How to Troubleshoot Missing Data
Question
How can I troubleshoot missing data?
Environment
HVR 5
Answer
There can be multiple reasons why data may be missing. Some of the reasons are:
- Due to a configuration error.
- By moving the capture position forward to quickly overcome some errors but failing to recover the skipped data.
Details
We need the client to help us:
- identify a missed change
- determine when that change took place on the source database
- establish whether that change was recorded in the source database transaction log
Once we've ascertained those facts, HVR can investigate why that change was not captured or integrated.
Steps
Perform an online refresh of the out-of-sync table to reconcile the source and target to establish a baseline.

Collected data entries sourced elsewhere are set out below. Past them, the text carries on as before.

Lemma fX_mul_fexpm1_div : fmul fX fexpm1_div = fsub (fexp 1) fone.
Proof.
  apply functional_extensionality. intros [|n].
  - rewrite fmulX_0. unfold fsub, fexp, fone. simpl. field.
  - rewrite fmulX_S. unfold fsub, fexp, fone, fexpm1_div. simpl Nat.eqb.
    rewrite pow1. unfold Rdiv. ring.
Qed.

(* Read off the coefficient of [x^(n+1)] in [e^(-x) e^x = 1]. *)
Lemma fexp_neg1_mul_fexpm1_div : fmul (fexp (-1)) fexpm1_div = fneg fexpm1_div.
Proof.
  apply functional_extensionality. intro n.
  assert (H : fmul (fexp (-1)) (fexp 1) (S n) = 0).
  { rewrite fexp_add. replace (-1 + 1) with 0 by ring.
    unfold fexp. rewrite pow_i by lia. unfold Rdiv. ring. }
  unfold fmul in H. rewrite (fsum_S RTheory), Nat.sub_diag in H.
  unfold fmul, fneg, fexpm1_div.
  rewrite (fsum_ext (S n) _ (fun k => fexp (-1) k * fexp 1 (S n - k)%nat)).
  - assert (E : fexp (-1) (S n) * fexp 1 0%nat = - ((-1) ^ n * / INR (fact (S n)))).
    { unfold fexp. rewrite pow_O, <- tech_pow_Rmult. simpl (INR (fact 0)). unfold Rdiv.
      rewrite Rinv_1. ring. }
    lra.
  - intros k Hk. f_equal. unfold fexp. rewrite pow1.
    replace (S n - k)%nat with (S (n - k)) by lia. unfold Rdiv. ring.
Qed.

Lemma fneg_fbern_mul_fexpm1_div : fmul (fneg fbern) fexpm1_div = fexp 1.
Proof.
  assert (Hneg : fmul (fneg fbern) (fneg fexpm1_div) = fone)
    by (rewrite <- fneg_mul, fbern_mul_fexpm1_div; apply fneg_one).
  assert (Hinv : fmul (fexp 1) (fexp (-1)) = fone)
    by (rewrite fexp_add, Rplus_opp_r; apply fexp_0).
  transitivity (fmul (fmul (fneg fbern) fexpm1_div) (fmul (fexp 1) (fexp (-1)))).
  - rewrite Hinv. ring.
  - transitivity (fmul (fexp 1) (fmul (fneg fbern) (fmul (fexp (-1)) fexpm1_div))); [ring|].
    rewrite fexp_neg1_mul_fexpm1_div, Hneg. ring.
Qed.

(* Both sides are inverse to [(e^x - 1)/x]. *)
Lemma fneg_fbern : fsub (fneg fbern) fX = fbern.
Proof.
  set (g := fsub (fneg fbern) fX).
  assert (Hg : fmul g fexpm1_div = fone).
  { transitivity (fsub (fmul (fneg fbern) fexpm1_div) (fmul fX fexpm1_div)); [unfold g; ring|].
    rewrite fneg_fbern_mul_fexpm1_div, fX_mul_fexpm1_div. ring. }
  transitivity (fmul g (fmul fbern fexpm1_div)); [rewrite fbern_mul_fexpm1_div; ring|].
  transitivity (fmul fbern (fmul g fexpm1_div)); [ring|]. rewrite Hg. ring.
Qed.

Lemma pow_m1_odd n : Nat.odd n = true -> (-1) ^ n = -1.
Proof.
  intros Hn. apply Nat.odd_spec in Hn. destruct Hn as [k ->].
  rewrite pow_add, pow_mult. replace ((-1) ^ 2) with 1 by ring. rewrite pow1. ring.
Qed.

Lemma bernoulli_odd n : Nat.odd n = true -> n <> 1%nat -> bernoulli n = 0.
Proof.
  intros Hodd Hn1. assert (H := f_equal (fun f => f n) fneg_fbern). cbv beta in H.
  unfold fsub, fneg, fX, fbern in H. rewrite pow_m1_odd in H by exact Hodd.
  replace (Nat.eqb n 1) with false in H by (symmetry; apply Nat.eqb_neq; exact Hn1).
  pose proof (INR_fact_neq_0 n). assert (E : bernoulli n / INR (fact n) = 0) by lra.
  apply Rmult_integral in E. destruct E as [E|E]; [exact E|].
  exfalso. exact (Rinv_neq_0_compat _ H0 E).
Qed.

Lemma fbern_mul_fexp1 : fmul fbern (fexp 1) = fadd fbern fX.
Proof.
  transitivity (fadd fbern (fmul fX (fmul fbern fexpm1_div))).
  - replace (fexp 1) with (fadd fone (fmul fX fexpm1_div))
      by (rewrite fX_mul_fexpm1_div; ring). ring.
  - rewrite fbern_mul_fexpm1_div. ring.
Qed.

Lemma fbern_mul_fexp2 : fmul fbern (fexp 2) = fadd (fadd fbern fX) (fmul fX (fexp 1)).
Proof.
  transitivity (fmul (fmul fbern (fexp 1)) (fexp 1)).
  { rewrite <- fmul_assoc, fexp_add. replace (1 + 1) with 2 by ring. reflexivity. }
  rewrite fbern_mul_fexp1.
  transitivity (fadd (fmul fbern (fexp 1)) (fmul fX (fexp 1))); [ring|].
  rewrite fbern_mul_fexp1. reflexivity.
Qed.

Lemma fhalf_fbern_mul_fexp1 :
  fmul (fhalf fbern) (fexp 1) =
  fadd (fadd (fhalf fbern) (fhalf fX)) (fmul (fhalf fX) (fhalf (fexp 1))).
Proof.
  rewrite <- fhalf_fexp2 at 1.
  rewrite <- fhalf_mul, fbern_mul_fexp2, !fhalf_add, fhalf_mul. reflexivity.
Qed.

Definition fxi : fser := fun n => if Nat.odd n then xi_neg n / INR (fact n) else 0.

(* Coefficientwise this is [xi(-r) = (2^-r - 1) zeta(-r)] and [zeta(-r) = -B_(r+1)/(r+1)],
   together with the vanishing of the odd Bernoulli numbers beyond [B_1]. *)
Lemma fX_mul_fxi : fmul fX fxi = fadd (fsub fbern (fadd (fhalf fbern) (fhalf fbern))) fone.
Proof.
  apply functional_extensionality. intros [|m].
  - rewrite fmulX_0. unfold fadd, fsub, fhalf, fbern, fone, bernoulli. simpl. field.
  - rewrite fmulX_S. unfold fadd, fsub, fhalf, fbern, fone, fxi. simpl Nat.eqb.
    replace ((/ 2) ^ S m) with (/ 2 * (/ 2) ^ m) by reflexivity.
    pose proof (INR_fact_neq_0 m). pose proof (not_0_INR (S m) ltac:(lia)).
    rewrite fact_simpl, mult_INR.
    destruct (Nat.odd m) eqn:Hm.
    + unfold xi_neg, zeta_neg. rewrite pow_inv.
      field. repeat split; try assumption. apply pow_nonzero. lra.
    + destruct m as [|m].
      * simpl. field.
      * rewrite bernoulli_odd; [field; auto | | lia].
        rewrite Nat.odd_succ, <- Nat.negb_odd, Hm. reflexivity.
Qed.

Lemma fxi_mul_fexpm1 : fmul fxi (fsub (fexp 1) fone) = fsub fexpm1_div (fhalf (fexp 1)).
Proof.
  apply fmulX_inj.
  transitivity (fmul (fmul fX fxi) (fsub (fexp 1) fone)); [ring|]. rewrite fX_mul_fxi.
  transitivity (fadd (fadd (fsub (fmul fbern (fexp 1)) fbern)
                           (fopp (fadd (fmul (fhalf fbern) (fexp 1))
                                        (fmul (fhalf fbern) (fexp 1)))))
                     (fadd (fadd (fhalf fbern) (fhalf fbern)) (fsub (fexp 1) fone))); [ring|].
  rewrite fbern_mul_fexp1, fhalf_fbern_mul_fexp1.
  transitivity (fsub (fsub (fexp 1) fone) (fmul fX (fhalf (fexp 1))));
    [|rewrite <- fX_mul_fexpm1_div; ring].
  set (h := fhalf fX). assert (E : fX = fadd h h) by apply fX_halves. rewrite E. ring.
Qed.

(* The coefficient of [x^i] in [fxi_mul_fexpm1], multiplied by [i!]. *)
Lemma xi_binomial_sum i :
  sumR i (fun k => (if Nat.odd k then xi_neg k else 0) * Binomial.C i k) = / INR (S i) - (/ 2) ^ i.
Proof.
  assert (H := f_equal (fun f => f i) fxi_mul_fexpm1). cbv beta in H.
  unfold fmul, fsub, fone, fexp, fexpm1_div, fhalf in H.
  rewrite (fsum_S RTheory), Nat.sub_diag in H. simpl (Nat.eqb 0 0) in H.
  rewrite (fsum_ext i _ (fun k => fxi k * / INR (fact (i - k)))) in H.
  2:{ intros k Hk. replace (Nat.eqb (i - k) 0) with false by (symmetry; apply Nat.eqb_neq; lia).
      rewrite pow1. unfold Rdiv. ring. }
  assert (E : sumR i (fun k => fxi k * / INR (fact (i - k))) =
              / INR (fact (S i)) - (/ 2) ^ i / INR (fact i)).
  { rewrite !pow1 in H. simpl (INR (fact 0)) in H. unfold Rdiv in *. rewrite Rinv_1 in H.
    apply (Rplus_eq_reg_r (fxi i * (1 * 1 - 1))). rewrite H. ring. }
  pose proof (INR_fact_neq_0 i). pose proof (not_0_INR (S i) ltac:(lia)).
  replace (/ INR (S i) - (/ 2) ^ i) with
    (INR (fact i) * (/ INR (fact (S i)) - (/ 2) ^ i / INR (fact i)))
    by (rewrite fact_simpl, mult_INR; field; auto).
  rewrite <- E, <- (fsum_mull RTheory). apply fsum_ext. intros k Hk. unfold fxi, Binomial.C.
  pose proof (INR_fact_neq_0 k). pose proof (INR_fact_neq_0 (i - k)).
  destruct (Nat.odd k); field; auto.
Qed.

(* [- c_minus 0] is the exponent of the factor split off from the transformed [n = 0] factor. *)
Lemma lincomb_tT_c_reg i :
  Cplus (lincomb c_reg tT i) (Copp (c_minus 0 i)) = Cplus (c_pref i) (c_reg i).
Proof.
  set (cr k := if Nat.odd k then - xi_neg k else 0).
  assert (Ecr : forall k, c_reg k = RtoC (cr k))
    by (intro k; unfold c_reg, cr; destruct (Nat.odd k); reflexivity).
  rewrite lincomb_tT, (fsum_ext _ _ (fun k => RtoC (cr k * ((-1) ^ (i - k) * Binomial.C i k))))
    by (intros; rewrite Ecr, <- RtoC_mult; reflexivity).
  rewrite <- RtoC_sumR, Ecr. unfold c_minus, c_pref.
  rewrite <- RtoC_opp, <- !RtoC_plus. f_equal.
  rewrite (fsum_S RTheory), Nat.sub_diag, C_n_n.
  rewrite (fsum_ext i _
    (fun k => (-1) ^ i * ((if Nat.odd k then xi_neg k else 0) * Binomial.C i k))).
  - rewrite (fsum_mull RTheory), xi_binomial_sum.
    change (INR 0) with 0. change ((-1) ^ S i) with (-1 * (-1) ^ i).
    rewrite Rplus_0_l, pow_O. set (h := (/ 2) ^ i). set (s := (-1) ^ i).
    assert (H : INR (S i) <> 0) by (apply not_0_INR; lia). field. exact H.
  - intros k Hk. unfold cr. destruct (Nat.odd k) eqn:Hodd; [|ring].
    replace ((-1) ^ i) with ((-1) ^ k * (-1) ^ (i - k)) by (rewrite <- pow_add; f_equal; lia).
    rewrite (pow_m1_odd k Hodd). ring.
Qed.

(** * The transformed partial products *)

Section TransformedProduct.
Variable z : C.

Definition pair_factor (L1 L2 : lin) : series :=
  smul (sadd sone (sexp z L1)) (sadd sone (sexp z L2)).

Definition tail_factor (N : nat) : series := pair_factor (c_minus N) (c_minus (S N)).

Lemma prod_factors_tvar_S N :
  at_tau1 z (prod_factors tvar (S N)) =
  smul (at_tau1 z (prod_factors tvar N)) (pair_factor (c_plus N) (c_minus N)).
Proof. cbn [prod_factors]. rewrite at_tau1_mul, !lincomb_tvar. reflexivity. Qed.

Lemma sexp_opp_inv L : smul (sexp z (fun i => Copp (L i))) (sexp z L) = sone.
Proof.
  rewrite sexp_add, <- (sexp_zero z). f_equal.
  apply functional_extensionality. intro i. ring.
Qed.

Lemma prod_factors_tT_S N :
  at_tau1 z (prod_factors tT (S N)) =
  smul (sexp z (fun i => Copp (c_minus 0 i)))
    (smul (at_tau1 z (prod_factors tvar N)) (tail_factor N)).
Proof.
  induction N as [|N IH].
  - cbn [prod_factors]. rewrite !at_tau1_mul, !at_tau1_add, !at_tau1_one, !at_tau1_explin.
    rewrite lincomb_tT_c_plus_0, lincomb_tT_c_minus. unfold tail_factor, pair_factor.
    set (E := sexp z (fun i => Copp (c_minus 0 i))).
    assert (Hinv : smul E (sexp z (c_minus 0)) = sone) by apply sexp_opp_inv.
    transitivity (smul (sadd (smul E (sexp z (c_minus 0))) E) (sadd sone (sexp z (c_minus 1))));
      [rewrite Hinv; ring | ring].
  - change (prod_factors tT (S (S N))) with
      (fps_mul (prod_factors tT (S N))
         (fps_mul (fps_add fps_one (fps_explin (lincomb (c_plus (S N)) tT)))
                  (fps_add fps_one (fps_explin (lincomb (c_minus (S N)) tT))))).
    rewrite at_tau1_mul, IH, !at_tau1_mul, !at_tau1_add, !at_tau1_one, !at_tau1_explin.
    rewrite lincomb_tT_c_plus_S, lincomb_tT_c_minus, prod_factors_tvar_S.
    unfold tail_factor, pair_factor. ring.
Qed.

Lemma Omega_partial_tT_S N :
  at_tau1 z (Omega_partial tT (S N)) =
  smul (at_tau1 z (fps_mul prefactor (Omega_partial tvar N))) (tail_factor N).
Proof.
  unfold Omega_partial, prefactor. rewrite !at_tau1_mul, prod_factors_tT_S, !at_tau1_explin.
  rewrite lincomb_tvar.
  transitivity (smul (smul (sexp z (lincomb c_reg tT)) (sexp z (fun i => Copp (c_minus 0 i))))
                     (smul (at_tau1 z (prod_factors tvar N)) (tail_factor N))); [ring|].
  rewrite sexp_add.
  replace (fun i => Cplus (lincomb c_reg tT i) (Copp (c_minus 0 i)))
    with (fun i => Cplus (c_pref i) (c_reg i))
    by (apply functional_extensionality; intro i; symmetry; apply lincomb_tT_c_reg).
  rewrite <- sexp_add, lincomb_tvar. ring.
Qed.

End TransformedProduct.

(** * Estimates *)

(* Only coefficients below [a] enter the coefficient [a] of a product, which makes this
   seminorm submultiplicative. *)
Definition boxnorm (a : list nat) (f : series) : R :=
  fold_right Rplus 0 (map (fun b => Cmod (f b)) (subidx a)).

Lemma boxnorm_nil f : boxnorm [] f = Cmod (f []).
Proof. unfold boxnorm. simpl. ring. Qed.

Lemma boxnorm_cons x s f : boxnorm (x :: s) f = sumR (S x) (fun y => boxnorm s (slice f y)).
Proof.
  unfold boxnorm at 1. cbn [subidx]. rewrite (fold_add_flat_map RTheory).
  apply fsum_ext. intros y _. unfold boxnorm. rewrite map_map. reflexivity.
Qed.

Lemma boxnorm_ge0 a f : 0 <= boxnorm a f.
Proof.
  unfold boxnorm. induction (subidx a) as [|b l IH]; simpl; [lra|].
  pose proof (Cmod_ge_0 (f b)). lra.
Qed.

Lemma Cmod_le_boxnorm a f : Cmod (f a) <= boxnorm a f.
Proof.
  revert f. induction a as [|x s IH]; intro f.
  - rewrite boxnorm_nil. lra.
  - rewrite boxnorm_cons. apply Rle_trans with (boxnorm s (slice f x)); [apply (IH (slice f x))|].
    apply (term_le_sumR _ (fun y => boxnorm s (slice f y))); [lia | intro; apply boxnorm_ge0].
Qed.
(* Let $K$ be a sequence of positive integers with $K_n=ab^n(1+o(1))$, where $a,b$ are positive reals with $\log_\phi b$ irrational. Then $\{\mathfrak F^{-1}(K_n)\}$ is equidistributed, and for every integer $s\ge2$ and $\mathbf b\in\mathcal F_s$, $$\lim_{n\to\infty}\frac{\#\{k\le n:\mathrm{LB}_s(K_k)=\mathbf b\}}{n}=\log_\phi\frac{\widetilde{\mathbf b}\cdot\widehat F}{\mathbf b\cdot\widehat F}.$$
   Context: $F$: $F_1=1,F_2=2,F_{n+2}=F_{n+1}+F_n$. Zeckendorf expansion $m=\sum_{k=1}^M\epsilon(k)F_{M-k+1}$ (unique, $\epsilon(k)\in\{0,1\}$, $\epsilon(1)=1$, $\epsilon(k)\epsilon(k+1)=0$); $\mathrm{LB}_s(m)=(\epsilon(1),\dots,\epsilon(s))$ if $M\ge s$. $\mathcal F_s$: all $\mathrm{LB}_s(m)$, listed $\mathbf b_1,\dots,\mathbf b_\ell$ with $1+\mathbf b_k*F=\mathbf b_{k+1}*F$, $\mathbf b*F=\sum_k\mathbf b(k)F_{s-k+1}$; $\mathbf b_{\ell+1}:=(1,0,1,0,\dots,1,0,1,1)$ if $s$ even, $(1,0,1,0,\dots,1,1,0)$ if $s$ odd; $\widetilde{\mathbf b_k}=\mathbf b_{k+1}$. $\omega=\phi^{-1}$, $\mathbf b\cdot\widehat F=\sum_k\mathbf b(k)\omega^{k-1}$. $\mathfrak F(x)=\frac{\phi}{\sqrt5}(\phi^x+\phi^{-x}\cos(\pi x)\phi^{-2})$, increasing on $[1,\infty)$ with inverse $\mathfrak F^{-1}$. $\{x_n\}$ equidistributed means $\lim_n\#\{k\le n:\{x_k\}\le\beta\}/n=\beta$ for all $\beta\in[0,1]$. *)

From Stdlib Require Import Reals Lra Lia List QArith ClassicalEpsilon.
From Coquelicot Require Import Coquelicot.
Import ListNotations.
Open Scope R_scope.

(* Fibonacci numbers with F_1 = 1, F_2 = 2, F_{n+2} = F_{n+1} + F_n.
   (F_0 is never used; set to 1.) *)
Fixpoint fibF (n : nat) : nat :=
  match n with
  | O => 1
  | S O => 1
  | S (S O) => 2
  | S ((S (S _)) as m) => (fibF m + fibF (pred m))%nat
  end.

(* k-th entry of a 0/1 word, 1-based: b(k). *)
Definition bit (b : list bool) (k : nat) : nat :=
  if nth (k - 1) b false then 1%nat else 0%nat.

Definition dotF (b : list bool) : nat :=
  fold_right Nat.add 0%nat
    (map (fun k => (bit b k * fibF (length b - k + 1))%nat) (seq 1 (length b))).

Definition no_consec (e : list bool) : Prop :=
  forall k, (1 <= k)%nat -> (k + 1 <= length e)%nat ->
    (bit e k * bit e (k + 1))%nat = 0%nat.

Definition zeck (m : nat) (e : list bool) : Prop :=
  (1 <= length e)%nat /\ bit e 1 = 1%nat /\ no_consec e /\ m = dotF e.

Definition LB (s m : nat) (b : list bool) : Prop :=
  exists e, zeck m e /\ (s <= length e)%nat /\ firstn s e = b.

Definition inFs (s : nat) (b : list bool) : Prop := exists m, LB s m b.

Fixpoint rep10 (j : nat) : list bool :=
  match j with O => [] | S j' => true :: false :: rep10 j' end.

Definition bspecial (s : nat) : list bool :=
  if Nat.even s then rep10 ((s - 2) / 2) ++ [true; true]
  else rep10 ((s - 3) / 2) ++ [true; true; false].

Definition tilde (s : nat) (b : list bool) : list bool :=
  match excluded_middle_informative
          (exists c, inFs s c /\ dotF c = S (dotF b)) with
  | left H => proj1_sig (constructive_indefinite_description _ H)
  | right _ => bspecial s
  end.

Add the parameter Integrate /JournalRouterFiles for the integration location group and regenerate the integrate job. This will save all processed router files to
$HVR_CONFIG/jnl/<hub>/<chn>/YYYYMMDD
.These router files will provide us with a history of what HVR captured and submitted for integration. Additionally, you should do some regular housekeeping on the hub. For example, schedule the hvrmaint utility to manage disk utilization with option
–journal_keep_days=n
to periodically purge the router files aftern
days, i.e., 7.It is very important to schedule a frequent row-by-row and verbose HVR Compare so any mismatches are detected as soon as possible.
If you anticipate that the compare will produce more output than the current hub can handle, move the channel to a less busy hub. It is important to note that the compare will almost always report differences, but that is typically due to 'in-flight data' – changes that have been committed at the source but have yet to be replicated to the target. Instead, it is the difference that persists across multiple runs that we need to consider ourselves with.
Once you've identified a mismatch, use column
update_date
or equivalent to determine when the row was last written at the source.Liaise with the source DBA and secure the DBMS transaction log(s) for the transaction that made the missed change.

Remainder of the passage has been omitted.